### [ACTIVITY]
Print every line below without adding or leaving out a single word.

Stored data entries

------------------------------------------------------------

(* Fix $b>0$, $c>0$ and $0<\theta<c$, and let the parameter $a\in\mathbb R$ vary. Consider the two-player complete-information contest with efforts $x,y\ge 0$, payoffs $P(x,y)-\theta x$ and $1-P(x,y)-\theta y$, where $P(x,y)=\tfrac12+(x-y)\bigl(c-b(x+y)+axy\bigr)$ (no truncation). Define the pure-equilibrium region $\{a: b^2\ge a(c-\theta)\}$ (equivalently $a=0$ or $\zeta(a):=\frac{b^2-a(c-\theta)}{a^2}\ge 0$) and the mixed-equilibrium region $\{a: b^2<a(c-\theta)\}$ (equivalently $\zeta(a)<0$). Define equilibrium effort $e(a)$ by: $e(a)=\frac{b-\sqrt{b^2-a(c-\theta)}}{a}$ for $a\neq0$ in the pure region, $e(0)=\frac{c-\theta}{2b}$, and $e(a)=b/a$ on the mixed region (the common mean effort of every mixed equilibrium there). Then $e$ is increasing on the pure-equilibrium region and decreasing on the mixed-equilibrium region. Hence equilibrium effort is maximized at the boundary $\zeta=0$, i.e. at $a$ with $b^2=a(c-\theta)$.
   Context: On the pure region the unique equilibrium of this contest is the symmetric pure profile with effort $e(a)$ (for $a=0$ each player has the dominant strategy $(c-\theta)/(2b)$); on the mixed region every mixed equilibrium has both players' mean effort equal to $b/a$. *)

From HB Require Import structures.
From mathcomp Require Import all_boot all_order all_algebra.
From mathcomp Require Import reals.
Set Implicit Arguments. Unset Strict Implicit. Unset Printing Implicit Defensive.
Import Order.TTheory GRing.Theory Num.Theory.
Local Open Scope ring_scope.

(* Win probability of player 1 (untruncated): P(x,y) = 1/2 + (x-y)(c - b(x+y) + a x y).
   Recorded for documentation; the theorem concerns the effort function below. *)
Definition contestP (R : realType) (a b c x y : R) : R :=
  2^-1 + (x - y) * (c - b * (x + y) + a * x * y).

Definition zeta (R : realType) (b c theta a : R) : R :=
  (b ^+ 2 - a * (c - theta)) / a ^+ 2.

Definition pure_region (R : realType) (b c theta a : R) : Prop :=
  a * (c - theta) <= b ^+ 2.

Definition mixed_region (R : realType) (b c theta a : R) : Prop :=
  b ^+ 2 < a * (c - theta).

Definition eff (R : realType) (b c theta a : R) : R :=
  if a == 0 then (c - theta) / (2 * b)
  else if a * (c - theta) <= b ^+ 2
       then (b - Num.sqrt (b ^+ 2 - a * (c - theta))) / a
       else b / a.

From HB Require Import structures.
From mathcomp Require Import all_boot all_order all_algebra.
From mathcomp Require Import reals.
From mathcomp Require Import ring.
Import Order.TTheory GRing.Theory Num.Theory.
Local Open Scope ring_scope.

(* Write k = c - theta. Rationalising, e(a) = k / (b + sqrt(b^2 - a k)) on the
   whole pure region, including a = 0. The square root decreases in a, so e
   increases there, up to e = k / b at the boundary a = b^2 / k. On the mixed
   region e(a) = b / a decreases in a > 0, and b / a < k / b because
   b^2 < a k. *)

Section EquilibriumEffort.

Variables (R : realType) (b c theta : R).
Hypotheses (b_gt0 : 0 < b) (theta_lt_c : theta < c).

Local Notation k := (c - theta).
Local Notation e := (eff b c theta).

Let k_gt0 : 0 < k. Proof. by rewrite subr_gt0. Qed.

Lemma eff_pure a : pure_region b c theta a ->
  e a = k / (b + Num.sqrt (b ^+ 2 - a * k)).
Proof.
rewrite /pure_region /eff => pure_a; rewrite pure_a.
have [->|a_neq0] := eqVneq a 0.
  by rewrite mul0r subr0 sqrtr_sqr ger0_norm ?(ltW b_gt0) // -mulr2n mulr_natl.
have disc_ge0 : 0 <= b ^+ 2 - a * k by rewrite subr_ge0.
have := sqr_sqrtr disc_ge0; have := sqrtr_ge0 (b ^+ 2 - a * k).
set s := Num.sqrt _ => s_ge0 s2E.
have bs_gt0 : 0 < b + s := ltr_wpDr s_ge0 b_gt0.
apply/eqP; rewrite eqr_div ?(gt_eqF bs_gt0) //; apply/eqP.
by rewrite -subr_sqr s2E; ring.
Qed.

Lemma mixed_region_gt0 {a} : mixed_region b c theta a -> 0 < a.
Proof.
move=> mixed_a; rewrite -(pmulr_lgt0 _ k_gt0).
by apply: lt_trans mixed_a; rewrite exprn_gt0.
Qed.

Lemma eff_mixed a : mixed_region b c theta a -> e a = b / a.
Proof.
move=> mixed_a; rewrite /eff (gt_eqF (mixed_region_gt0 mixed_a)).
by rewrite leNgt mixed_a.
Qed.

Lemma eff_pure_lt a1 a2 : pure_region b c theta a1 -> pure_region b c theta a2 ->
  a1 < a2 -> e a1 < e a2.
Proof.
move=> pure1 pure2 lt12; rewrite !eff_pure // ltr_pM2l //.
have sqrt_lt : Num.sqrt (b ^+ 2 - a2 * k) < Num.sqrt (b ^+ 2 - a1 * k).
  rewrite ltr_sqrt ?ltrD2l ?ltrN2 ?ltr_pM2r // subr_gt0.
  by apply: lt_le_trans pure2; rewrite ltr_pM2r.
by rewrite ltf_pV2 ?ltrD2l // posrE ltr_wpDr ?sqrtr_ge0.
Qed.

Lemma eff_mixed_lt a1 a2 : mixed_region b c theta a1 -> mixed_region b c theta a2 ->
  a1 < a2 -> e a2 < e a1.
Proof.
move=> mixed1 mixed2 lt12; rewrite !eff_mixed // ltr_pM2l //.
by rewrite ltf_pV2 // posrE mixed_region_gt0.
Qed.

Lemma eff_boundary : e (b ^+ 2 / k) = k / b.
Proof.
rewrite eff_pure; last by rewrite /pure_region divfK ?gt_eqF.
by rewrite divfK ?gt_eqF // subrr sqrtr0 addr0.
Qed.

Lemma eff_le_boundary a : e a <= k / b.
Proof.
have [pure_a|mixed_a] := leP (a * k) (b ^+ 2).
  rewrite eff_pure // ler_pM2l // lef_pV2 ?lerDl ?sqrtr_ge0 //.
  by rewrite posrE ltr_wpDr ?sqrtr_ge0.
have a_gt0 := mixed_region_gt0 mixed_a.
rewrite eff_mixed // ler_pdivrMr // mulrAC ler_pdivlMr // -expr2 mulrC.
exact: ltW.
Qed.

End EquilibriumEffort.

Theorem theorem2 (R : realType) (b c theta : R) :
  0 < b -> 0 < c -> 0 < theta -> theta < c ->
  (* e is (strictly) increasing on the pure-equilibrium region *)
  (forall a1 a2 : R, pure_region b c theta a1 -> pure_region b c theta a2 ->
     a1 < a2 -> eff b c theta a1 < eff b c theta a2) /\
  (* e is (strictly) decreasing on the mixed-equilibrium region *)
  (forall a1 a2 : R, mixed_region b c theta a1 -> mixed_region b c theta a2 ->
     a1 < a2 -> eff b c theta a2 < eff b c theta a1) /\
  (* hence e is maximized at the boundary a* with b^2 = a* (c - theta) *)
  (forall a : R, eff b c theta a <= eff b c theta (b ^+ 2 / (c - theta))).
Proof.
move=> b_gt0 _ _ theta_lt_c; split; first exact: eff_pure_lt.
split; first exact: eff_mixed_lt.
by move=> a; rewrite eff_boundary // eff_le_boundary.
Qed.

------------------------------------------------------------

### [SOLUTION FOR THIS EXERCISE]
(* Fix $b>0$, $c>0$ and $0<\theta<c$, and let the parameter $a\in\mathbb R$ vary. Consider the two-player complete-information contest with efforts $x,y\ge 0$, payoffs $P(x,y)-\theta x$ and $1-P(x,y)-\theta y$, where $P(x,y)=\tfrac12+(x-y)\bigl(c-b(x+y)+axy\bigr)$ (no truncation). Define the pure-equilibrium region $\{a: b^2\ge a(c-\theta)\}$ (equivalently $a=0$ or $\zeta(a):=\frac{b^2-a(c-\theta)}{a^2}\ge 0$) and the mixed-equilibrium region $\{a: b^2<a(c-\theta)\}$ (equivalently $\zeta(a)<0$). Define equilibrium effort $e(a)$ by: $e(a)=\frac{b-\sqrt{b^2-a(c-\theta)}}{a}$ for $a\neq0$ in the pure region, $e(0)=\frac{c-\theta}{2b}$, and $e(a)=b/a$ on the mixed region (the common mean effort of every mixed equilibrium there). Then $e$ is increasing on the pure-equilibrium region and decreasing on the mixed-equilibrium region. Hence equilibrium effort is maximized at the boundary $\zeta=0$, i.e. at $a$ with $b^2=a(c-\theta)$.
   Context: On the pure region the unique equilibrium of this contest is the symmetric pure profile with effort $e(a)$ (for $a=0$ each player has the dominant strategy $(c-\theta)/(2b)$); on the mixed region every mixed equilibrium has both players' mean effort equal to $b/a$. *)

From HB Require Import structures.
From mathcomp Require Import all_boot all_order all_algebra.
From mathcomp Require Import reals.
Set Implicit Arguments. Unset Strict Implicit. Unset Printing Implicit Defensive.
Import Order.TTheory GRing.Theory Num.Theory.
Local Open Scope ring_scope.

(* Win probability of player 1 (untruncated): P(x,y) = 1/2 + (x-y)(c - b(x+y) + a x y).
   Recorded for documentation; the theorem concerns the effort function below. *)
Definition contestP (R : realType) (a b c x y : R) : R :=
  2^-1 + (x - y) * (c - b * (x + y) + a * x * y).

Definition zeta (R : realType) (b c theta a : R) : R :=
  (b ^+ 2 - a * (c - theta)) / a ^+ 2.

Definition pure_region (R : realType) (b c theta a : R) : Prop :=
  a * (c - theta) <= b ^+ 2.

Definition mixed_region (R : realType) (b c theta a : R) : Prop :=
  b ^+ 2 < a * (c - theta).

Definition eff (R : realType) (b c theta a : R) : R :=
  if a == 0 then (c - theta) / (2 * b)
  else if a * (c - theta) <= b ^+ 2
       then (b - Num.sqrt (b ^+ 2 - a * (c - theta))) / a
       else b / a.

From HB Require Import structures.
From mathcomp Require Import all_boot all_order all_algebra.
From mathcomp Require Import reals.
From mathcomp Require Import ring.
Import Order.TTheory GRing.Theory Num.Theory.
Local Open Scope ring_scope.

(* Write k = c - theta. Rationalising, e(a) = k / (b + sqrt(b^2 - a k)) on the
   whole pure region, including a = 0. The square root decreases in a, so e
   increases there, up to e = k / b at the boundary a = b^2 / k. On the mixed
   region e(a) = b / a decreases in a > 0, and b / a < k / b because
   b^2 < a k. *)

Section EquilibriumEffort.

Variables (R : realType) (b c theta : R).
Hypotheses (b_gt0 : 0 < b) (theta_lt_c : theta < c).

Local Notation k := (c - theta).
Local Notation e := (eff b c theta).

Let k_gt0 : 0 < k. Proof. by rewrite subr_gt0. Qed.

Lemma eff_pure a : pure_region b c theta a ->
  e a = k / (b + Num.sqrt (b ^+ 2 - a * k)).
Proof.
rewrite /pure_region /eff => pure_a; rewrite pure_a.
have [->|a_neq0] := eqVneq a 0.
  by rewrite mul0r subr0 sqrtr_sqr ger0_norm ?(ltW b_gt0) // -mulr2n mulr_natl.
have disc_ge0 : 0 <= b ^+ 2 - a * k by rewrite subr_ge0.
have := sqr_sqrtr disc_ge0; have := sqrtr_ge0 (b ^+ 2 - a * k).
set s := Num.sqrt _ => s_ge0 s2E.
have bs_gt0 : 0 < b + s := ltr_wpDr s_ge0 b_gt0.
apply/eqP; rewrite eqr_div ?(gt_eqF bs_gt0) //; apply/eqP.
by rewrite -subr_sqr s2E; ring.
Qed.

Lemma mixed_region_gt0 {a} : mixed_region b c theta a -> 0 < a.
Proof.
move=> mixed_a; rewrite -(pmulr_lgt0 _ k_gt0).
by apply: lt_trans mixed_a; rewrite exprn_gt0.
Qed.

Lemma eff_mixed a : mixed_region b c theta a -> e a = b / a.
Proof.
move=> mixed_a; rewrite /eff (gt_eqF (mixed_region_gt0 mixed_a)).
by rewrite leNgt mixed_a.
Qed.

Lemma eff_pure_lt a1 a2 : pure_region b c theta a1 -> pure_region b c theta a2 ->
  a1 < a2 -> e a1 < e a2.
Proof.
move=> pure1 pure2 lt12; rewrite !eff_pure // ltr_pM2l //.
have sqrt_lt : Num.sqrt (b ^+ 2 - a2 * k) < Num.sqrt (b ^+ 2 - a1 * k).
  rewrite ltr_sqrt ?ltrD2l ?ltrN2 ?ltr_pM2r // subr_gt0.
  by apply: lt_le_trans pure2; rewrite ltr_pM2r.
by rewrite ltf_pV2 ?ltrD2l // posrE ltr_wpDr ?sqrtr_ge0.
Qed.

Lemma eff_mixed_lt a1 a2 : mixed_region b c theta a1 -> mixed_region b c theta a2 ->
  a1 < a2 -> e a2 < e a1.
Proof.
move=> mixed1 mixed2 lt12; rewrite !eff_mixed // ltr_pM2l //.
by rewrite ltf_pV2 // posrE mixed_region_gt0.
Qed.

Lemma eff_boundary : e (b ^+ 2 / k) = k / b.
Proof.
rewrite eff_pure; last by rewrite /pure_region divfK ?gt_eqF.
by rewrite divfK ?gt_eqF // subrr sqrtr0 addr0.
Qed.

Lemma eff_le_boundary a : e a <= k / b.
Proof.
have [pure_a|mixed_a] := leP (a * k) (b ^+ 2).
  rewrite eff_pure // ler_pM2l // lef_pV2 ?lerDl ?sqrtr_ge0 //.
  by rewrite posrE ltr_wpDr ?sqrtr_ge0.
have a_gt0 := mixed_region_gt0 mixed_a.
rewrite eff_mixed // ler_pdivrMr // mulrAC ler_pdivlMr // -expr2 mulrC.
exact: ltW.
Qed.

End EquilibriumEffort.

Theorem theorem2 (R : realType) (b c theta : R) :
  0 < b -> 0 < c -> 0 < theta -> theta < c ->
  (* e is (strictly) increasing on the pure-equilibrium region *)
  (forall a1 a2 : R, pure_region b c theta a1 -> pure_region b c theta a2 ->
     a1 < a2 -> eff b c theta a1 < eff b c theta a2) /\
  (* e is (strictly) decreasing on the mixed-equilibrium region *)
  (forall a1 a2 : R, mixed_region b c theta a1 -> mixed_region b c theta a2 ->
     a1 < a2 -> eff b c theta a2 < eff b c theta a1) /\
  (* hence e is maximized at the boundary a* with b^2 = a* (c - theta) *)
  (forall a : R, eff b c theta a <= eff b c theta (b ^+ 2 / (c - theta))).
Proof.
move=> b_gt0 _ _ theta_lt_c; split; first exact: eff_pure_lt.
split; first exact: eff_mixed_lt.
by move=> a; rewrite eff_boundary // eff_le_boundary.
Qed.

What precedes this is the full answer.